Records to process →
══════
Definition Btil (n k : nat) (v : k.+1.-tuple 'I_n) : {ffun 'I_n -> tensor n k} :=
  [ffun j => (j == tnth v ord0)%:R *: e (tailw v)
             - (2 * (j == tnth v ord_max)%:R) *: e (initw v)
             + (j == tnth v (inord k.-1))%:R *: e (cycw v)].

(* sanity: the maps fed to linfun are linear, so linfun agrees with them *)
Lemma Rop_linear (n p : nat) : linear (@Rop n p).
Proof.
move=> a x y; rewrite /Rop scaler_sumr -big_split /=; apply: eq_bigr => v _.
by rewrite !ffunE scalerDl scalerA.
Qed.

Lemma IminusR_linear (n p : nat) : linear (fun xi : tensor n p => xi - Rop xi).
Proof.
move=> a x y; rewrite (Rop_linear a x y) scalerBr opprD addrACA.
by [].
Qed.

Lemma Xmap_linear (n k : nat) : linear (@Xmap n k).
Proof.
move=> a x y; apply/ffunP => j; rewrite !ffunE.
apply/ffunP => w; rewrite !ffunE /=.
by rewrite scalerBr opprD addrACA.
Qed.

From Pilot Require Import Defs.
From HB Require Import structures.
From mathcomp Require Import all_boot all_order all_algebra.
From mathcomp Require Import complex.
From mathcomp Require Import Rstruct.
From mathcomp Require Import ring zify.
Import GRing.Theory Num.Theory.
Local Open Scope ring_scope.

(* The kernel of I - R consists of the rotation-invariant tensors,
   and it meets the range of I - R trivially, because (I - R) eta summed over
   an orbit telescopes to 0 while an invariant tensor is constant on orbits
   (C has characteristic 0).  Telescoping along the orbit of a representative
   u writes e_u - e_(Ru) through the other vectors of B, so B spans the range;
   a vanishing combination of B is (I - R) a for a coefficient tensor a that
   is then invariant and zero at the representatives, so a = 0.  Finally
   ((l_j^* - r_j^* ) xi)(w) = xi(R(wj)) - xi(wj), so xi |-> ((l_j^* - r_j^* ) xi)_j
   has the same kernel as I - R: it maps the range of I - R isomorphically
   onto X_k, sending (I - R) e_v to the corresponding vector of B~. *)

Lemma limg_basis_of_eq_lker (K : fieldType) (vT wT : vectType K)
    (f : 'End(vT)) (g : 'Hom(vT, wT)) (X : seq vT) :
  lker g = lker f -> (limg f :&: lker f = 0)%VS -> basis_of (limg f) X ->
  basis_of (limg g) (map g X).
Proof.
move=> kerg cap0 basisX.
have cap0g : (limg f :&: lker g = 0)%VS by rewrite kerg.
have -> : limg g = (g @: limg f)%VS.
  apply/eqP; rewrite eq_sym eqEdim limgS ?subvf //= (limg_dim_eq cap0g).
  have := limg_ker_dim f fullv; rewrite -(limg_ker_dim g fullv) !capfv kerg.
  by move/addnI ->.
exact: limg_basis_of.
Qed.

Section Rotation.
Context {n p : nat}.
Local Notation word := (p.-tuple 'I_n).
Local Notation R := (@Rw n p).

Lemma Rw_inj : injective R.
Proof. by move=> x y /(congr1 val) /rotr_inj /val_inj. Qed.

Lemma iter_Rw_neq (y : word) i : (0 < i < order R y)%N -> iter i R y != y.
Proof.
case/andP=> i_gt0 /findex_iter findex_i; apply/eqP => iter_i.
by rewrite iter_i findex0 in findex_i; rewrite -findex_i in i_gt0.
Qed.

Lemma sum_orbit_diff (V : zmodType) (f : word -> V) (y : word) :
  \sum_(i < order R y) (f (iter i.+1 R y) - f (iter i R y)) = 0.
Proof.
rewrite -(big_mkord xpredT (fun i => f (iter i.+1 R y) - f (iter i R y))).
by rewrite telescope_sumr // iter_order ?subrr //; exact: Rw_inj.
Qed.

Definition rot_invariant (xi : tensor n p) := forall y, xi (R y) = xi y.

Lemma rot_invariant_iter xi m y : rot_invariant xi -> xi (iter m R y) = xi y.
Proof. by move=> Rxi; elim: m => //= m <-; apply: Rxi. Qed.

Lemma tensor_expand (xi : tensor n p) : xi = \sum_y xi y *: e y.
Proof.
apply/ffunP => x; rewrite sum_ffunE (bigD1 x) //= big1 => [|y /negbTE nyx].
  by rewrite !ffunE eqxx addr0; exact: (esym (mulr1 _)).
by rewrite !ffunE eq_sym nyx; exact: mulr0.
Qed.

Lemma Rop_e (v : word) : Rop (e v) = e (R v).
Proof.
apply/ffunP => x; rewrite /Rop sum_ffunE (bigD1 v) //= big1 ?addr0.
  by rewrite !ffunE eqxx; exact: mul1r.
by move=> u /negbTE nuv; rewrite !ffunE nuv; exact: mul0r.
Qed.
══════
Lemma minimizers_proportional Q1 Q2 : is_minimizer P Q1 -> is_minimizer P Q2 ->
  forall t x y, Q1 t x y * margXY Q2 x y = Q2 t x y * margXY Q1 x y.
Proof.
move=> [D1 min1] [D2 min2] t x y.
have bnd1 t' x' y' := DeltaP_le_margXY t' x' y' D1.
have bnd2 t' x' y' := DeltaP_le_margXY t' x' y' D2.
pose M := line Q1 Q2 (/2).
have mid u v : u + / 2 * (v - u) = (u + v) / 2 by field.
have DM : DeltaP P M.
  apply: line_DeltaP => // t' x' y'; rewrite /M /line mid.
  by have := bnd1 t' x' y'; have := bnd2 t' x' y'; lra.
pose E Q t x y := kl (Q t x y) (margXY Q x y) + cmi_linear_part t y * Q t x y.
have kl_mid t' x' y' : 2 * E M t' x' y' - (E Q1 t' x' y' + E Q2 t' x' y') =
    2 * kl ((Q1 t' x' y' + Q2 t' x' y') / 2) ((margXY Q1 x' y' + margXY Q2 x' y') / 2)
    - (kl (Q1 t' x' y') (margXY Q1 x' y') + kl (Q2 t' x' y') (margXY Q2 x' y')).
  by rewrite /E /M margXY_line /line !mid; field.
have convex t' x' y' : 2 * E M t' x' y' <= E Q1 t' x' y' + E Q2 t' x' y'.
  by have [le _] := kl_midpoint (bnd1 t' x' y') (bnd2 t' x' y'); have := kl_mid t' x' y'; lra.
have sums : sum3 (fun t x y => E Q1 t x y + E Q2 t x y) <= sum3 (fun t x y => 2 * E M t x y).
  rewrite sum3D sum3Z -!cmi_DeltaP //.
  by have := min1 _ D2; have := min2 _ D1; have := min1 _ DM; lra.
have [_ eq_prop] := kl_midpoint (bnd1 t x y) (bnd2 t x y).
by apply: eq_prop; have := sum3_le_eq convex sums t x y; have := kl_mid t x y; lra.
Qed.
══════
Exercise goal → List each line in the listing that contains the string "tuple".

Answer to this task →
Definition Btil (n k : nat) (v : k.+1.-tuple 'I_n) : {ffun 'I_n -> tensor n k} :=
Local Notation word := (p.-tuple 'I_n).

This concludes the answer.